When I drove home from Target, after learning I was unexpectedly pregnant, I kept the positive pregnancy test in my lap so I could re-examine it at every stoplight, verifying its reality (I was almost certain I had imagined one of those lines).
Alone in the car (unless you count the half a dozen butterflies in my stomach) (oh, and the little baby in utero), "Me!" by Taylor Swift came on XM. Normally, I would have changed the station (my feelings about that song could have been summed up in that one tweet that said, "Brendon Urie may write sins but this song's a tragedy."). Now inextricably linked with my unborn child, however, it would henceforth be known as The Most Special Song Of All Time.
As soon as I shared the news with Joe (that's another story for another day), I immediately asked him (heart pounding in my throat for fear of what his response would be), "We can still move forward with our foster placement, right?" In that celebratory moment, he told me: yes, of course we can. I sighed with relief.
But it wasn't long after that that it became clear I'd suffer again from hyperemesis this pregnancy -- something that debilitates me for months and renders me almost entirely useless both domestically and professionally....not exactly the ideal conditions for assuming the role of caregiver-to-a-child-of-trauma. How, for example, do you baby-wear when you're spending the afternoon with your cheek pressed against the soothing tile of the bathroom floor? How do you hold and comfort a child when your own arms are seeking comfort from the familiar chill of the cold porcelain toilet bowl? Many mornings, I'd text a co-worker from the floor of the shower, asking her to cover for me as I showed up late for work yet again; suffice it to say, I wasn't in a position to appear in court or meet with birth parents.
In fact, the less I was able to meet the basic needs of our biological 2-year-old, the more I succumbed to the reality that we just couldn't accept a foster placement anytime soon.
I avoided our case worker's calls for days at a time; I couldn't bring myself to tell her we were backing out. After all, we'd made it this far -- 6 months of paperwork, interviews, meetings, trainings, and for what? What was the point?
I'm the kind of person that needs there to have been a point.
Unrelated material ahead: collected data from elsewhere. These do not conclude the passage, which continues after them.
(* Fix $p\in[0,\infty]$. Let $(R_t)_{t=0}^{T-1}$ be a dynamic monetary risk measure and $(U_t)_{t=0}^{T-1}$ a dynamic monetary utility function (both for this $p$), and let $\eta_t\in L^0(\mathcal{F}_t)$ with $\eta_t>0$ for each $t$. (i) For each $t\in\{0,\dots,T-1\}$, the map $$W_t(Y):=R_t(-Y)-\frac{1}{1+\eta_t}U_t\big(\big(R_t(-Y)-Y\big)_+\big)$$ is a mapping from $L^p(\mathcal{F}_{t+1})$ to $L^p(\mathcal{F}_t)$ with the properties: if $\lambda\in L^p(\mathcal{F}_t)$ and $Y\in L^p(\mathcal{F}_{t+1})$ then $W_t(Y+\lambda)=W_t(Y)+\lambda$; if $Y,\widetilde Y\in L^p(\mathcal{F}_{t+1})$ and $Y\le \widetilde Y$ then $W_t(Y)\le W_t(\widetilde Y)$; if $c\in L^p_+(\mathcal{F}_t)$ and $Y\in L^p(\mathcal{F}_{t+1})$ then $W_t(cY)=cW_t(Y)$. (ii) Let $(X_t)_{t=1}^T$ be an $\mathbb{F}$-adapted cash flow with $X_t\in L^p(\mathcal{F}_t)$ for every $t$, and define $V_T(X):=0$ and recursively, for $t=T-1,\dots,0$, with $Y_{t+1}:=X_{t+1}+V_{t+1}(X)$, $$V_t(X):=R_t(-Y_{t+1})-\frac{1}{1+\eta_t}U_t\big(\big(R_t(-Y_{t+1})-Y_{t+1}\big)_+\big).$$ Then for every $t\in\{0,\dots,T-1\}$, $$V_t(X)=W_t\circ\dots\circ W_{T-1}(X_{t+1}+\dots+X_T).$$
   Context: Let $T\ge 1$ be an integer and $(\Omega,\mathcal{F},\mathbb{F},\mathbb{P})$ a filtered probability space with $\mathbb{F}=(\mathcal{F}_t)_{t=0}^T$ and $\{\emptyset,\Omega\}=\mathcal{F}_0\subseteq\dots\subseteq\mathcal{F}_T=\mathcal{F}$. $L^0(\mathcal{F}_t)$ is the space of real-valued $\mathcal{F}_t$-measurable random variables; for $p\in(0,\infty)$, $L^p(\mathcal{F}_t)=\{Y\in L^0(\mathcal{F}_t):\mathbb{E}|Y|^p<\infty\}$; $L^\infty(\mathcal{F}_t)$ is the space of essentially bounded $\mathcal{F}_t$-measurable random variables; $L^p_+(\mathcal{F}_t)$ denotes the nonnegative elements of $L^p(\mathcal{F}_t)$. Random variables equal a.s. are identified and all (in)equalities are understood $\mathbb{P}$-a.s. $x_+=\max(x,0)$. For $p\in[0,\infty]$, a dynamic monetary risk measure is a sequence of maps $R_t:L^p(\mathcal{F}_{t+1})\to L^p(\mathcal{F}_t)$, $t=0,\dots,T-1$, such that $R_t(Y+\lambda)=R_t(Y)-\lambda$ for $\lambda\in L^p(\mathcal{F}_t)$, $Y\in L^p(\mathcal{F}_{t+1})$; $Y\le\widetilde Y$ implies $R_t(Y)\ge R_t(\widetilde Y)$; and $R_t(cY)=cR_t(Y)$ for $c\in L^p_+(\mathcal{F}_t)$. A dynamic monetary utility function is a sequence of maps $U_t:L^p(\mathcal{F}_{t+1})\to L^p(\mathcal{F}_t)$, $t=0,\dots,T-1$, such that $U_t(Y+\lambda)=U_t(Y)+\lambda$ for $\lambda\in L^p(\mathcal{F}_t)$; $Y\le\widetilde Y$ implies $U_t(Y)\le U_t(\widetilde Y)$; and $U_t(cY)=cU_t(Y)$ for $c\in L^p_+(\mathcal{F}_t)$. *)

From mathcomp Require Import all_boot all_order all_algebra.
From mathcomp Require Import all_classical all_reals all_analysis.
Set Implicit Arguments. Unset Strict Implicit. Unset Printing Implicit Defensive.
Import Order.TTheory GRing.Theory Num.Theory.
Local Open Scope classical_set_scope.
Local Open Scope ring_scope.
Now that our baby is here, of course I understand that everything is as it should be. But there are still moments that I fall prey to that inner struggle; if we hadn't conceived a child, we would have been able to give a safe, loving home (however temporary) to a child in need. We brought a child into the world to love and support for life, but there was, in theory, a child who already existed who needed the same (if not more) from us. Who were we to deny them that?
If I allow myself to think on this long enough, I begin to feel selfish, irresponsible, unreliable, cowardly, and above all else: guilty.
I'm not sure I'll ever know why the events unfolded the way that they did. All I know is that I love our infant -- born of the aforementioned unexpected pregnancy -- and I will love our foster kid(s) whenever we return to fostering later on in our lives. I know it will play a role in our family's story, I just don't know when.
And until then, I'll still keep smiling to myself -- that giddy feeling when you know a secret that you can't wait to tell -- every time I hear Taylor Swift's "Me!"